PROBLEM STATEMENT:
Scan the data below for the string "that". Show every line where it turns up.

-------- DATASET --------

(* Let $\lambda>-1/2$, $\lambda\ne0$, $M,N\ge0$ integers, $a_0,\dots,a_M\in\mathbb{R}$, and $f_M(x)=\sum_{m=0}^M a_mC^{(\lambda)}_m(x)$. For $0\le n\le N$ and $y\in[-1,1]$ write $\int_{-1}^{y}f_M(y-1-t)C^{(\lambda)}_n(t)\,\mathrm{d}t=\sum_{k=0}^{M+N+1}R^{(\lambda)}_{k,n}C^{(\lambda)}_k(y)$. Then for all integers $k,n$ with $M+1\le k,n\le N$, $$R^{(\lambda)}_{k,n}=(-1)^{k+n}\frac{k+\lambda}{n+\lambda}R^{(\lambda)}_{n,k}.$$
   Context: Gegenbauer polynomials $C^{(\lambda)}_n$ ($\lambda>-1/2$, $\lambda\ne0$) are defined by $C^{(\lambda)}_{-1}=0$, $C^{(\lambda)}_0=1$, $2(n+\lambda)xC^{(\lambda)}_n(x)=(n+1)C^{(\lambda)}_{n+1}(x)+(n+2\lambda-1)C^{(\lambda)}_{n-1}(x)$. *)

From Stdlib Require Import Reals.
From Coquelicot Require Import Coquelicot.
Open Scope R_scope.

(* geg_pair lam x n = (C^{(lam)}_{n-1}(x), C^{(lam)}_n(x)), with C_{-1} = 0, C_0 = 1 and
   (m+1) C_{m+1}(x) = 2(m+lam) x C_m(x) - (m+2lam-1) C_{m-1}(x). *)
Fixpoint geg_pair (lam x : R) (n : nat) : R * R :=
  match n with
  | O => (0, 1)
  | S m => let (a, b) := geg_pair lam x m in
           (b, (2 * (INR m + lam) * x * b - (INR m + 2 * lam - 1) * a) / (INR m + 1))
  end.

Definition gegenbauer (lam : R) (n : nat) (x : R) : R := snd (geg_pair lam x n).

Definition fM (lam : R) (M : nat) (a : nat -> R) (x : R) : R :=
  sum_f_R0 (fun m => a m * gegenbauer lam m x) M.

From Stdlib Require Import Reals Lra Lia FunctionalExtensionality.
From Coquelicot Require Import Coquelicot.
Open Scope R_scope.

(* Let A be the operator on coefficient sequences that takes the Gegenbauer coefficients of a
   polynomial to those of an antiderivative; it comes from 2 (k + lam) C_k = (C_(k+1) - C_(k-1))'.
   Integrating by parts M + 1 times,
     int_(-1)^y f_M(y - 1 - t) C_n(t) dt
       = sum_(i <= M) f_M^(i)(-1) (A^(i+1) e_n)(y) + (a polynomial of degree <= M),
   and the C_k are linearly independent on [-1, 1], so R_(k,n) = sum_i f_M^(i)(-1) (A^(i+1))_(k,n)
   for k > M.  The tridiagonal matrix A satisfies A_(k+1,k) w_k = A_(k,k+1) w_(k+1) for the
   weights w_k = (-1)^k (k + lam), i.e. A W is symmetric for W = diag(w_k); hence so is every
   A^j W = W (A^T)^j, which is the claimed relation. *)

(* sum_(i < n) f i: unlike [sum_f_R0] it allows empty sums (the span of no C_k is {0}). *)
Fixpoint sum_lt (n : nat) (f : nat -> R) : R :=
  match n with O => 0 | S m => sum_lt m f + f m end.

--------
-------- DATASET --------

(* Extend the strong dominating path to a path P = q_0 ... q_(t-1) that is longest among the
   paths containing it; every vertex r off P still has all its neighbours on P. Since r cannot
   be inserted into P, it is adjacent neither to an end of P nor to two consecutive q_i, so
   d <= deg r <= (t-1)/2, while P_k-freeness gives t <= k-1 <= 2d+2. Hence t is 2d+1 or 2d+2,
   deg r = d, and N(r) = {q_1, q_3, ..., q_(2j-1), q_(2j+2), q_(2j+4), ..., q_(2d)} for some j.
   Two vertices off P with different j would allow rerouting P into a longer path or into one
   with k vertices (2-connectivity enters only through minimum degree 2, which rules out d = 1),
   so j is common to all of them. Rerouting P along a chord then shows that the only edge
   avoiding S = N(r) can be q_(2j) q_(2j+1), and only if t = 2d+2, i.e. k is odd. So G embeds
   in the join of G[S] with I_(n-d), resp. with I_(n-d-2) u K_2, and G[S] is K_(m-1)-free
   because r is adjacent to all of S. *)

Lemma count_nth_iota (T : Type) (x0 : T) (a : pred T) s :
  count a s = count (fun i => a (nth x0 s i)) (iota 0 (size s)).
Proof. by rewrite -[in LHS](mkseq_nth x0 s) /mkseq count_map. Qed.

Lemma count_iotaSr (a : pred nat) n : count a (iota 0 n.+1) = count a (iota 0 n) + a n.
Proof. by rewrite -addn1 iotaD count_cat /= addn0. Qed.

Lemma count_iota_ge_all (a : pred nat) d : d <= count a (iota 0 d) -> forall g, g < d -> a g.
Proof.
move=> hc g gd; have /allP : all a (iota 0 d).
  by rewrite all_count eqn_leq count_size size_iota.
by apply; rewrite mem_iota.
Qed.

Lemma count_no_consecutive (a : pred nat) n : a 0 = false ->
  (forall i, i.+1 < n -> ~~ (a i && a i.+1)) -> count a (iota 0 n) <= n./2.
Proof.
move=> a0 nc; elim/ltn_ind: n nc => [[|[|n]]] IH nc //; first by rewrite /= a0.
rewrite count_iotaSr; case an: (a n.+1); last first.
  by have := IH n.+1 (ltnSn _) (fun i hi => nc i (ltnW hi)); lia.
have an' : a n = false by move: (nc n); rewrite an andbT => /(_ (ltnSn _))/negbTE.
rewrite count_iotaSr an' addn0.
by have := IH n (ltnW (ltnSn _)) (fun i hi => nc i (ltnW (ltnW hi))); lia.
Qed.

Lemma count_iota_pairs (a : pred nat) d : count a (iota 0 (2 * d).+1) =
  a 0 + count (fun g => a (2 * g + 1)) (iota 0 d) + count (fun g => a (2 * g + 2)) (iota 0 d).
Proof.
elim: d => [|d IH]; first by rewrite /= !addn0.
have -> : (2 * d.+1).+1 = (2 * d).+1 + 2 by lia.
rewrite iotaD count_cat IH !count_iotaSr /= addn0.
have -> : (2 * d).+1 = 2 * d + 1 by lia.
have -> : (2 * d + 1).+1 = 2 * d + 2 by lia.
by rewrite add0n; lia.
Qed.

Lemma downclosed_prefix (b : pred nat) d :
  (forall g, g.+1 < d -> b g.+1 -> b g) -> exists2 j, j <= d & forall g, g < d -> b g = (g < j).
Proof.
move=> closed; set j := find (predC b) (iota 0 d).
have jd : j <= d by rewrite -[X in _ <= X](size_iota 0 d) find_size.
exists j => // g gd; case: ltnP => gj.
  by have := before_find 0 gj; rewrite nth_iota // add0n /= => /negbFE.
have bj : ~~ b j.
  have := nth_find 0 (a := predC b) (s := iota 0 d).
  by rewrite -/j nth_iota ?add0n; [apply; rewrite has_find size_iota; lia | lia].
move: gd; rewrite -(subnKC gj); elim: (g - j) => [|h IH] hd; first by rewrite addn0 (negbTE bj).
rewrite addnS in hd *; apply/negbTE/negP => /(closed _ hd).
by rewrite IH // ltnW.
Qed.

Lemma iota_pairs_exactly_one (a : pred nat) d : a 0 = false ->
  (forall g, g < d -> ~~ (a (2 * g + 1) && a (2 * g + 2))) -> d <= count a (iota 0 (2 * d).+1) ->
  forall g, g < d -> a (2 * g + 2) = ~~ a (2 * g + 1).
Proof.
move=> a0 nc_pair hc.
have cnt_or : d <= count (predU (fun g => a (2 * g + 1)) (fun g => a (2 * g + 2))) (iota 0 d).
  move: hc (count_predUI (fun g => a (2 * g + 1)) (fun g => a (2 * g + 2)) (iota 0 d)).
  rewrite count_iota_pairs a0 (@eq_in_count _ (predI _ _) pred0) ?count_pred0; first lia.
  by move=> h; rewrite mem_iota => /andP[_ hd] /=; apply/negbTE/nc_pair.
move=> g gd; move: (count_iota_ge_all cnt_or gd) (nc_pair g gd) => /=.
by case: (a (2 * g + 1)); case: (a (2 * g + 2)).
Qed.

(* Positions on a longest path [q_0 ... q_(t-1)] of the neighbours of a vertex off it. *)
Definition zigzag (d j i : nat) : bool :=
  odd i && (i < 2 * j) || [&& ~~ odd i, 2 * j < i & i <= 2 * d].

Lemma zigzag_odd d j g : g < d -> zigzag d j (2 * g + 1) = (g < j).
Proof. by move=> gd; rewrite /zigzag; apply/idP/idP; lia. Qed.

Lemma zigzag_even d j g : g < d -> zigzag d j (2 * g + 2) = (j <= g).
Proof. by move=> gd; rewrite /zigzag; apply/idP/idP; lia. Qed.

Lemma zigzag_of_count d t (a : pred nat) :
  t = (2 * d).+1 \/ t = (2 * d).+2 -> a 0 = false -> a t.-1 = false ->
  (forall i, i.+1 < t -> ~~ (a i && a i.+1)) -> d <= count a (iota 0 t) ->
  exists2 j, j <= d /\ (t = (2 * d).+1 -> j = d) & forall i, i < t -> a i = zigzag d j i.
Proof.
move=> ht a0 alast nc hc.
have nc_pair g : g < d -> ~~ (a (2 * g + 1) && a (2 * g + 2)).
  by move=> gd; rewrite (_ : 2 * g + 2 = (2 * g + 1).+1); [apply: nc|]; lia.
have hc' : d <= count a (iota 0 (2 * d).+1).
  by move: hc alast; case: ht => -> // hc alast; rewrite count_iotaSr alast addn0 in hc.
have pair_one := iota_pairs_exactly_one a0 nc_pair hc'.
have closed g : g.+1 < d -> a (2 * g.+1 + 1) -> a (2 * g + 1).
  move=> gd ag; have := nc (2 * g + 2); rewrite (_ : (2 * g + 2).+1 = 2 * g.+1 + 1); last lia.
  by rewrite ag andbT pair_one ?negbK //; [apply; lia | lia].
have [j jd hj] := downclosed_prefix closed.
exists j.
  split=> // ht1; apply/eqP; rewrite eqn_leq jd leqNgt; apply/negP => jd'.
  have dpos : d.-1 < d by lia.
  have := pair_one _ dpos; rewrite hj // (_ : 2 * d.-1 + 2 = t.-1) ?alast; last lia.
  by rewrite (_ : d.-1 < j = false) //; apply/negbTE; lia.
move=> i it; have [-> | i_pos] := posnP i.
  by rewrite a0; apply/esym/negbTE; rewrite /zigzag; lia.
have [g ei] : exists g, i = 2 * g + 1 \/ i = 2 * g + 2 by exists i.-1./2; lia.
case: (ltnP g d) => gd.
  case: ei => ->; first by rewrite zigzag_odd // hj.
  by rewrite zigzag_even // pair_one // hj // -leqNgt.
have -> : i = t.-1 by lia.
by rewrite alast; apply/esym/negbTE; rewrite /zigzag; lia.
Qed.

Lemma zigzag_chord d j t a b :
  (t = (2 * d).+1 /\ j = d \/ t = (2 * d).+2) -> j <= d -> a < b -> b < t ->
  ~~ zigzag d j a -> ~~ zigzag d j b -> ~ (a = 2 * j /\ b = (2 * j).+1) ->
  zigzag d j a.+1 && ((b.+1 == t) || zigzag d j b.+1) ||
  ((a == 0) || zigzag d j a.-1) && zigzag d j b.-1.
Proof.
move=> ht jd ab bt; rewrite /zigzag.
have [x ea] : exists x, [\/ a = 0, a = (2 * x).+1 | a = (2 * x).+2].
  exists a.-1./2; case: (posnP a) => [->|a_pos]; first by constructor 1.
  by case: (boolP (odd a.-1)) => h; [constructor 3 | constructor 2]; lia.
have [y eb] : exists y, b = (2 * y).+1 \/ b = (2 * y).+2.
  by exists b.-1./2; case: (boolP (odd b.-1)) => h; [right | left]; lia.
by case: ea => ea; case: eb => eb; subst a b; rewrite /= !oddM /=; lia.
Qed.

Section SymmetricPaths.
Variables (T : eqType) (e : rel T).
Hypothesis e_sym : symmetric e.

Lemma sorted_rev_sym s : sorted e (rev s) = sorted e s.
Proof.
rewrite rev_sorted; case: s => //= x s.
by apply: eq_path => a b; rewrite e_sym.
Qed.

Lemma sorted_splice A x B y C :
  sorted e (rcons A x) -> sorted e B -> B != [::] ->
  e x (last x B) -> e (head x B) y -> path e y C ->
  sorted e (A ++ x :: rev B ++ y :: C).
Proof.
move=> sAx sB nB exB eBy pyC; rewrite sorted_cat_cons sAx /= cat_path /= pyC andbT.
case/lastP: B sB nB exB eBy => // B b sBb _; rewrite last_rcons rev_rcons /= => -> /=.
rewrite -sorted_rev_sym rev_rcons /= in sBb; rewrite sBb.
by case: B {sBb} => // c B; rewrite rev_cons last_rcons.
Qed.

--------

ANSWER BELOW:
(* Let A be the operator on coefficient sequences that takes the Gegenbauer coefficients of a
(* Extend the strong dominating path to a path P = q_0 ... q_(t-1) that is longest among the
   so j is common to all of them. Rerouting P along a chord then shows that the only edge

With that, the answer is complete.